Criminal Medical Providers and Their Liens

In 2012, the Legislature enacted SB 863 in order to thwart the longstanding lien crisis and achieve the Constitutional goals of the workers’ compensation system. Although the quest to eradicate ancient liens by establishing time limits and the requirements for payment of activation and filing fees, the beneficial results were short-lived. Recognizing this fact, the Legislature, in 2016, redoubled its efforts. AB 1244 resulted in the generation of Labor Code Section 139.21 which mandates suspension of a physician or provider who is convicted of certain felonies or misdemeanors  and creates a presumption that the services underlying the liens were connected to the criminal conduct. SB 1160 produced Labor Code Section 4615 (automatically mandating the stay of all liens of a physician or provider whenever criminal charges are filed) as well as Labor Code Section 4903.05 (delineating the required declarations what must accompany a lien). 

The precise mechanism employed by the Legislature to drain the swamp involves a two-pronged approach: whenever a provider is the subject of criminal charges based on workers’ compensation, billing, insurance or Medicare fraud, the current Labor Code Section 4615 provides that the stay will remain in effect until the disposition of the criminal proceedings. When there has been a criminal conviction, the second prong is activated, which will result in the initiation of proceedings to suspend the provider or physician from participating in the workers’ compensation system, and all of the liens filed by or on behalf of that provider will be infected with the presumption that the services were related to the criminal activity, which will result in dismissal of the liens, absent a preponderance of evidence produced at the lien consolidation proceeding demonstrating that the services were not related to the criminal conduct.

Given the revolutionary nature of these changes, the Legislature went to great lengths in uncodified Section 16 of SB 1160 to express its intent to rectify this deplorable situation in order to withstand a Constitutional challenge. 

Dr. Anguizola, the owner of several billing companies and providers, recently asserted such a Constitutional challenge, alleging that the Federal Court should issue an injunction prohibiting the stay of his liens. His theory is that the staying of liens violates the Sixth Amendment because it limits his choice of counsel due to his inability to utilize the funds contained in the many lien claims to retain a “qualified attorney.” The California Attorney General has vigorously opposed Dr. Anguizola’s request for relief on multiple grounds. Oral argument regarding the propriety of issuing an injunction is scheduled to occur on 6/29/17 before Judge Wu. Ironically, Judge Wu is the same jurist who initially declared the activation fee provision unconstitutional 3 ½ years ago. (The Federal District Court of Appeals subsequently slapped Judge Wu’s hand by holding that the activation fee statute was constitutional.)

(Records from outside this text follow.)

(* Consider the delay differential system \[ \begin{aligned} \dot S_h(t)&=\beta_h-C_{vh}\frac{I_v(t)}{N_v(t)}S_h(t)-\mu_hS_h(t),\\ \dot I_h(t)&=C_{vh}\frac{I_v(t-\tau)}{N_v(t-\tau)}S_h(t-\tau)-\mu_hI_h(t),\\ \dot S_v(t)&=\beta_v-C_{hv}I_h(t)S_v(t)-\mu_vS_v(t),\\ \dot I_v(t)&=C_{hv}I_h(t)S_v(t)-\mu_vI_v(t), \end{aligned} \] where $N_v(t)=S_v(t)+I_v(t)$, the parameters $\beta_h,\beta_v,\mu_h,\mu_v,C_{vh},C_{hv}$ are positive and $\tau\ge 0$. For every initial function $\varphi\in C_+$, the solution $x(t)=(S_h(t),I_h(t),S_v(t),I_v(t))^T$ of this system through $\varphi$ exists on $[0,\infty)$, is unique, nonnegative, and ultimately bounded on $[0,\infty)$.
   Context: $C=C([-\tau,0],\mathbb{R}_+^4)$ with the sup-norm, $\mathbb{R}_+=[0,\infty)$, and the phase space is $C_+=\{\varphi=(\varphi_1,\varphi_2,\varphi_3,\varphi_4)^T\in C:\ \varphi_3(\theta)+\varphi_4(\theta)>0 \text{ for all }\theta\in[-\tau,0]\}$. The solution through $\varphi$ satisfies $x(\theta)=\varphi(\theta)$ for $\theta\in[-\tau,0]$. *)

From Stdlib Require Import Reals.
Open Scope R_scope.

Record traj : Type := mkTraj {
  Sh : R -> R; Ih : R -> R; Sv : R -> R; Iv : R -> R }.

Definition cont_on_interval (a b : R) (f : R -> R) : Prop :=
  forall t, a <= t <= b -> forall eps, 0 < eps ->
    exists delta, 0 < delta /\
      forall s, a <= s <= b -> Rabs (s - t) < delta -> Rabs (f s - f t) < eps.

Definition cont_on_from (a : R) (f : R -> R) : Prop :=
  forall t, a <= t -> forall eps, 0 < eps ->
    exists delta, 0 < delta /\
      forall s, a <= s -> Rabs (s - t) < delta -> Rabs (f s - f t) < eps.

(* phi belongs to C_+ : continuous on [-tau,0] with values in R_+^4 and
   phi_3 + phi_4 > 0 on [-tau,0] (values outside [-tau,0] are irrelevant). *)
Definition in_Cplus (tau : R) (phi : traj) : Prop :=
  cont_on_interval (- tau) 0 (Sh phi) /\ cont_on_interval (- tau) 0 (Ih phi) /\
  cont_on_interval (- tau) 0 (Sv phi) /\ cont_on_interval (- tau) 0 (Iv phi) /\
  (forall th, - tau <= th <= 0 ->
     0 <= Sh phi th /\ 0 <= Ih phi th /\ 0 <= Sv phi th /\ 0 <= Iv phi th /\
     0 < Sv phi th + Iv phi th).

(* x is a solution on [0, +oo) of the delay system through phi:
   x = phi on [-tau, 0], x continuous on [-tau, +oo), N_v = S_v + I_v never
   vanishes on [-tau, +oo) (domain of the vector field), and the equations hold
   for every t > 0. *)
Definition is_solution (bh bv mh mv Cvh Chv tau : R) (phi x : traj) : Prop :=
  (forall th, - tau <= th <= 0 ->
     Sh x th = Sh phi th /\ Ih x th = Ih phi th /\
     Sv x th = Sv phi th /\ Iv x th = Iv phi th) /\
  cont_on_from (- tau) (Sh x) /\ cont_on_from (- tau) (Ih x) /\
  cont_on_from (- tau) (Sv x) /\ cont_on_from (- tau) (Iv x) /\
  (forall t, - tau <= t -> Sv x t + Iv x t <> 0) /\
  (forall t, 0 < t ->
     derivable_pt_lim (Sh x) t
       (bh - Cvh * (Iv x t / (Sv x t + Iv x t)) * Sh x t - mh * Sh x t) /\
     derivable_pt_lim (Ih x) t
       (Cvh * (Iv x (t - tau) / (Sv x (t - tau) + Iv x (t - tau))) * Sh x (t - tau)
        - mh * Ih x t) /\
     derivable_pt_lim (Sv x) t
       (bv - Chv * Ih x t * Sv x t - mv * Sv x t) /\
     derivable_pt_lim (Iv x) t
       (Chv * Ih x t * Sv x t - mv * Iv x t)).

(* Replacing [N_v = S_v + I_v], which solves [N_v' = bv - mv N_v], by its explicit
   value and truncating the incidence terms at a level [K] makes the vector field
   globally Lipschitz in the present and delayed states, so Picard iteration
   converges in an exponentially weighted sup norm.  Comparison arguments show
   that this solution stays in [[0, K]], hence solves the original system.  Two
   solutions through the same [phi] agree by a stepwise Gronwall argument with
   local Lipschitz bounds, which transfers nonnegativity to every solution.
   Ultimate bounds follow from [S_h' <= bh - mh S_h], [N_v' = bv - mv N_v] and,
   one delay later, [I_h' <= Cvh (bh / mh + 1) - mh I_h]. *)

From Stdlib Require Import Reals Lra Lia List.
From Coquelicot Require Import Coquelicot.
Import ListNotations.
Open Scope R_scope.

(** * Continuity and comparison on half-lines *)

Lemma continuity_pt_add f g x :
  continuity_pt f x -> continuity_pt g x -> continuity_pt (fun t => f t + g t) x.
Proof. exact (continuity_pt_plus f g x). Qed.

Lemma continuity_pt_sub f g x :
  continuity_pt f x -> continuity_pt g x -> continuity_pt (fun t => f t - g t) x.
Proof. exact (continuity_pt_minus f g x). Qed.

Lemma continuity_pt_mul f g x :
  continuity_pt f x -> continuity_pt g x -> continuity_pt (fun t => f t * g t) x.
Proof. exact (continuity_pt_mult f g x). Qed.

Lemma continuity_pt_quot f g x :
  continuity_pt f x -> continuity_pt g x -> g x <> 0 -> continuity_pt (fun t => f t / g t) x.
Proof. exact (continuity_pt_div f g x). Qed.

Lemma continuity_pt_cst c x : continuity_pt (fun _ => c) x.
Proof. now apply continuity_pt_const. Qed.

Lemma continuity_pt_compose f g x :
  continuity_pt f x -> continuity_pt g (f x) -> continuity_pt (fun t => g (f t)) x.
Proof. exact (continuity_pt_comp f g x). Qed.

Lemma continuity_pt_exp_scale c z : continuity_pt (fun s => exp (c * s)) z.
Proof.
  apply (continuity_pt_compose (fun s => c * s) exp);
    [apply continuity_pt_mult; [apply continuity_pt_const; now intros|apply continuity_pt_id]|].
  apply derivable_continuous_pt, derivable_pt_exp.
Qed.

Lemma continuity_pt_of_lipschitz g z :
  (forall s t, Rabs (g s - g t) <= Rabs (s - t)) -> continuity_pt g z.
Proof.
  intros Hg eps Heps. exists eps; split; [lra|].
  intros x [_ Hx]. simpl in *. unfold R_dist in *.
  eapply Rle_lt_trans; [apply Hg|exact Hx].
Qed.

Lemma Rabs_Rmax_sub_le a s t : Rabs (Rmax a s - Rmax a t) <= Rabs (s - t).
Proof.
  unfold Rmax; destruct (Rle_dec a s), (Rle_dec a t); unfold Rabs; repeat destruct Rcase_abs; lra.
Qed.

Lemma Rabs_Rmin_sub_le a s t : Rabs (Rmin a s - Rmin a t) <= Rabs (s - t).
Proof.
  unfold Rmin; destruct (Rle_dec a s), (Rle_dec a t); unfold Rabs; repeat destruct Rcase_abs; lra.
Qed.

Lemma Rmax_Rmin_clamp a b t : a <= b -> a <= Rmax a (Rmin b t) <= b.
Proof. intros Hab. split; [apply Rmax_l|]. apply Rmax_lub; [lra|apply Rmin_l]. Qed.

Lemma Rmax_Rmin_clamp_id a b t : a <= t <= b -> Rmax a (Rmin b t) = t.
Proof. intros Ht. rewrite Rmin_right by lra. apply Rmax_right; lra. Qed.

Lemma eq_of_Rabs_sub_le0 a b : Rabs (a - b) <= 0 -> a = b.
Proof.
  intros H. apply Rminus_diag_uniq. destruct (Req_dec (a - b) 0) as [ok|Hne]; [exact ok|].
  assert (Hp := Rabs_pos_lt _ Hne). lra.
Qed.

Lemma Rabs_mul_sub_le a b c d M : Rabs a <= M -> Rabs d <= M ->
  Rabs (a * b - c * d) <= M * (Rabs (a - c) + Rabs (b - d)).
Proof.
  intros Ha Hd. replace (a * b - c * d) with (a * (b - d) + d * (a - c)) by ring.
  eapply Rle_trans; [apply Rabs_triang|]. rewrite !Rabs_mult.
  assert (0 <= Rabs (b - d)) by apply Rabs_pos. assert (0 <= Rabs (a - c)) by apply Rabs_pos.
  nra.
Qed.

(* [cont_on_from a f] says exactly that [f] agrees on [a, +oo) with a function
   continuous everywhere, namely [fun t => f (Rmax a t)]. *)
Lemma continuity_pt_clamp_from a f :
  cont_on_from a f -> forall z, continuity_pt (fun t => f (Rmax a t)) z.
Proof.
  intros Hf z eps Heps.
  destruct (Hf (Rmax a z) (Rmax_l a z) eps Heps) as [d [Hd Hfd]].
  exists d; split; [lra|]. intros x [_ Hx]. simpl in *. unfold R_dist in *.
  apply Hfd; [apply Rmax_l|]. eapply Rle_lt_trans; [apply Rabs_Rmax_sub_le|exact Hx].
Qed.

Lemma cont_on_from_of_continuity a f : (forall z, continuity_pt f z) -> cont_on_from a f.
Proof.
  intros Hf t _ eps Heps. destruct (Hf t eps Heps) as [d [Hd Hfd]].
  exists d; split; [lra|]. intros s _ Hs.
  destruct (Req_dec s t) as [->|Hne]; [rewrite Rminus_eq_0, Rabs_R0; lra|].
  apply (Hfd s). split; [split; [exact I|auto]|exact Hs].
Qed.

Lemma cont_on_from_of_clamp a f :
  (forall z, continuity_pt (fun t => f (Rmax a t)) z) -> cont_on_from a f.
Proof.
  intros Hf t Ht eps Heps.
  destruct (cont_on_from_of_continuity a _ Hf t Ht eps Heps) as [d [Hd Hfd]].
  exists d; split; [exact Hd|]. intros s Hs Hst. specialize (Hfd s Hs Hst).
  rewrite !Rmax_right in Hfd by lra. exact Hfd.
Qed.

Lemma cont_on_from_mono a b f : a <= b -> cont_on_from a f -> cont_on_from b f.
Proof.
  intros Hab Hf t Ht eps Heps. destruct (Hf t ltac:(lra) eps Heps) as [d [Hd Hfd]].
  exists d; split; [exact Hd|]. intros s Hs Hst. apply Hfd; lra.
Qed.

Lemma continuity_pt_clamp_interval a b f : a <= b -> cont_on_interval a b f ->
  forall z, continuity_pt (fun t => f (Rmax a (Rmin b t))) z.
Proof.
  intros Hab Hf z eps Heps.
  destruct (Hf _ (Rmax_Rmin_clamp a b z Hab) eps Heps) as [d [Hd Hfd]].
  exists d; split; [lra|]. intros x [_ Hx]. simpl in *. unfold R_dist in *.
  apply Hfd; [now apply Rmax_Rmin_clamp|].
  eapply Rle_lt_trans; [apply Rabs_Rmax_sub_le|].
  eapply Rle_lt_trans; [apply Rabs_Rmin_sub_le|exact Hx].
Qed.

Lemma cont_on_from_bounded a f : cont_on_from a f ->
  forall T, exists M, 0 <= M /\ forall t, a <= t <= T -> Rabs (f t) <= M.
Proof.
  intros Hf T. destruct (Rle_dec a T) as [HaT|HaT].
  - assert (Hc : forall c, a <= c <= T -> continuity_pt (fun t => Rabs (f (Rmax a t))) c).
    { intros c _. apply (continuity_pt_compose _ Rabs);
        [now apply continuity_pt_clamp_from|apply Rcontinuity_abs]. }
    destruct (continuity_ab_maj _ a T HaT Hc) as [m [Hm _]].
    exists (Rabs (f (Rmax a m))). split; [apply Rabs_pos|]. intros t Ht.
    specialize (Hm t Ht). now rewrite Rmax_right in Hm by lra.
  - exists 0. split; [lra|]. intros t Ht. lra.
Qed.

Lemma cont_on_interval_bounded a b f : a <= b -> cont_on_interval a b f ->
  exists M, forall t, a <= t <= b -> f t <= M.
Proof.
  intros Hab Hf.
  destruct (continuity_ab_maj (fun t => f (Rmax a (Rmin b t))) a b Hab
    (fun c _ => continuity_pt_clamp_interval a b f Hab Hf c)) as [m [Hm _]].
  exists (f (Rmax a (Rmin b m))). intros t Ht. specialize (Hm t Ht).
  now rewrite Rmax_Rmin_clamp_id in Hm.
Qed.

(* [s] may be the left end [a], where [f] is only right-continuous. *)
Lemma mvt_from f df a s t : cont_on_from a f -> a <= s < t ->
  (forall x, s < x < t -> derivable_pt_lim f x (df x)) ->
  exists xi, s < xi < t /\ f t - f s = df xi * (t - s).
Proof.
  intros Hc Hst Hd.
  set (g := fun x => f (Rmax a x)).
  assert (Hg : forall x, s < x < t -> derivable_pt_lim g x (df x)).
  { intros x Hx. apply is_derive_Reals. apply (is_derive_ext_loc f).
    - exists (mkposreal (x - a) ltac:(simpl; lra)). intros y Hy.
      unfold g. rewrite Rmax_right; [reflexivity|].
      cbn in Hy. unfold AbsRing_ball, abs, minus, plus, opp in Hy. simpl in Hy.
      apply Rabs_lt_between in Hy. lra.
    - apply is_derive_Reals, Hd, Hx. }
  assert (pr1 : forall c, s < c < t -> derivable_pt g c) by (intros c Hc'; exists (df c); now apply Hg).
  assert (pr2 : forall c, s < c < t -> derivable_pt id c) by (intros c _; apply derivable_pt_id).
  destruct (MVT g id s t pr1 pr2 (proj2 Hst)) as [c [Hc' HMVT]].
  - intros c _. now apply continuity_pt_clamp_from.
  - intros c _. apply derivable_continuous_pt, derivable_pt_id.
  - exists c; split; [exact Hc'|].
    rewrite (derive_pt_eq_0 g c (df c) (pr1 c Hc')) in HMVT by now apply Hg.
    rewrite (derive_pt_eq_0 id c 1 (pr2 c Hc')) in HMVT by apply derivable_pt_lim_id.
    unfold id, g in HMVT. rewrite !Rmax_right in HMVT by lra. lra.
Qed.

Lemma nonincreasing_of_deriv_nonpos f df a s t : cont_on_from a f -> a <= s <= t ->
  (forall x, s < x < t -> derivable_pt_lim f x (df x)) ->
  (forall x, s < x < t -> df x <= 0) -> f t <= f s.
Proof.
  intros Hc Hst Hd Hneg. destruct (Req_dec s t) as [->|Hne]; [lra|].
  destruct (mvt_from f df a s t Hc ltac:(lra) Hd) as [xi [Hxi E]].
  assert (df xi <= 0) by (apply Hneg; lra). nra.
Qed.

Lemma Rabs_le_of_deriv_bound f df a0 a c K : cont_on_from a0 f -> a0 <= a < c -> f a = 0 ->
  (forall z, a < z < c -> derivable_pt_lim f z (df z)) ->
  (forall z, a < z < c -> Rabs (df z) <= K) -> Rabs (f c) <= K * (c - a).
Proof.
  intros Hc Hac Ha Hd Hb.
  destruct (mvt_from f df a0 a c Hc Hac Hd) as [xi [Hxi E]].
  rewrite Ha, Rminus_0_r in E. rewrite E, Rabs_mult, (Rabs_right (c - a)) by lra.
  apply Rmult_le_compat_r; [lra|]. now apply Hb.
Qed.

(* On a step of length [1 / (2 L)] the hypothesis gives [sup D <= sup D / 2]. *)
Lemma eq0_of_local_contraction D a0 T L : a0 <= 0 -> 0 < L -> cont_on_from a0 D ->
  (forall s, a0 <= s -> 0 <= D s) -> (forall s, a0 <= s <= 0 -> D s = 0) ->
  (forall a c M, 0 <= a < c -> c <= T -> (forall s, a0 <= s <= a -> D s = 0) ->
     (forall s, a0 <= s <= c -> D s <= M) -> D c <= L * (c - a) * M) ->
  forall t, a0 <= t <= T -> D t = 0.
Proof.
  intros Ha0 HL Hc Hpos Hinit Hstep t Ht.
  set (h := / (2 * L)). assert (Hh : 0 < h) by (apply Rinv_0_lt_compat; lra).
  assert (Steps : forall k s, a0 <= s <= T -> s <= INR k * h -> D s = 0).
  { induction k as [|k IH]; intros s Hs Hsk.
    { apply Hinit. simpl in Hsk. lra. }
    set (a := INR k * h) in *.
    assert (Ha : 0 <= a) by (apply Rmult_le_pos; [apply pos_INR|lra]).
    destruct (Rle_dec s a) as [Hsa|Hsa]; [now apply IH|]. apply Rnot_le_lt in Hsa.
    assert (Hsk' : s <= a + h) by (rewrite S_INR in Hsk; unfold a; lra).
    set (b := Rmin (a + h) T).
    assert (Hab : a <= b) by (unfold b, Rmin; destruct Rle_dec; lra).
    assert (Hbound : forall c, a <= c <= b -> continuity_pt (fun r => D (Rmax a0 r)) c)
      by (intros; now apply continuity_pt_clamp_from).
    destruct (continuity_ab_maj _ a b Hab Hbound) as [c [Hmax Hc']].
    assert (HDmax : forall r, a <= r <= b -> D r <= D c).
    { intros r Hr. specialize (Hmax r Hr). now rewrite !Rmax_right in Hmax by lra. }
    assert (HDa : forall r, a0 <= r <= a -> D r = 0) by (intros r Hr; apply IH; lra).
    assert (HDc : D c <= 0).
    { destruct (Req_dec c a) as [->|Hca]; [rewrite (HDa a); lra|].
      assert (Hcb : c <= a + h /\ c <= T) by (split; eapply Rle_trans;
        [|apply Rmin_l| |apply Rmin_r]; apply Hc').
      assert (Hsup : forall r, a0 <= r <= c -> D r <= D c).
      { intros r Hr. destruct (Rle_dec r a); [rewrite HDa by lra; apply Hpos; lra|].
        apply HDmax. lra. }
      assert (Hle := Hstep a c (D c) ltac:(lra) ltac:(lra) HDa Hsup).
      assert (0 <= D c) by (apply Hpos; lra).
      assert (L * (c - a) <= / 2) by (replace (/ 2) with (L * h) by (unfold h; field; lra); nra).
      nra. }
    assert (Hsb : s <= b) by (unfold b, Rmin; destruct Rle_dec; lra).
    assert (D s <= D c) by (apply HDmax; lra). assert (0 <= D s) by (apply Hpos; lra). lra. }
  destruct (INR_unbounded (t / h)) as [k Hk].
  apply (Steps k t Ht).
  apply (Rmult_lt_compat_r h) in Hk; [|exact Hh].
  replace (t / h * h) with t in Hk by (field; lra). lra.
Qed.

Additionally, the Legislature realized that it created a loophole in Labor Code Section 4615 by stating that the stay would remain in effect until the date of the criminal conviction. This resulted in the lifting of the stay on a convicted provider’s liens between the date of the conviction and the date of the conclusion of the lien consolidation proceedings, a result that certainly was not intended by the Legislature. Accordingly, AB 1422, which was passed by the Assembly on 6/1/17, provides that the stay will remain in effect until the conclusion of the lien consolidation proceedings. The Senate must approve this provision by 9/15/17 and it must be signed by Governor Brown by 10/15/17 in order to be effective 1/1/18. 

The Federal Court’s renunciation of Dr. Anguizola’s claim and the approval of AB 1422 by the Senate and Governor Brown will assist in achieving the Constitutional objective of eliminating the lien crisis.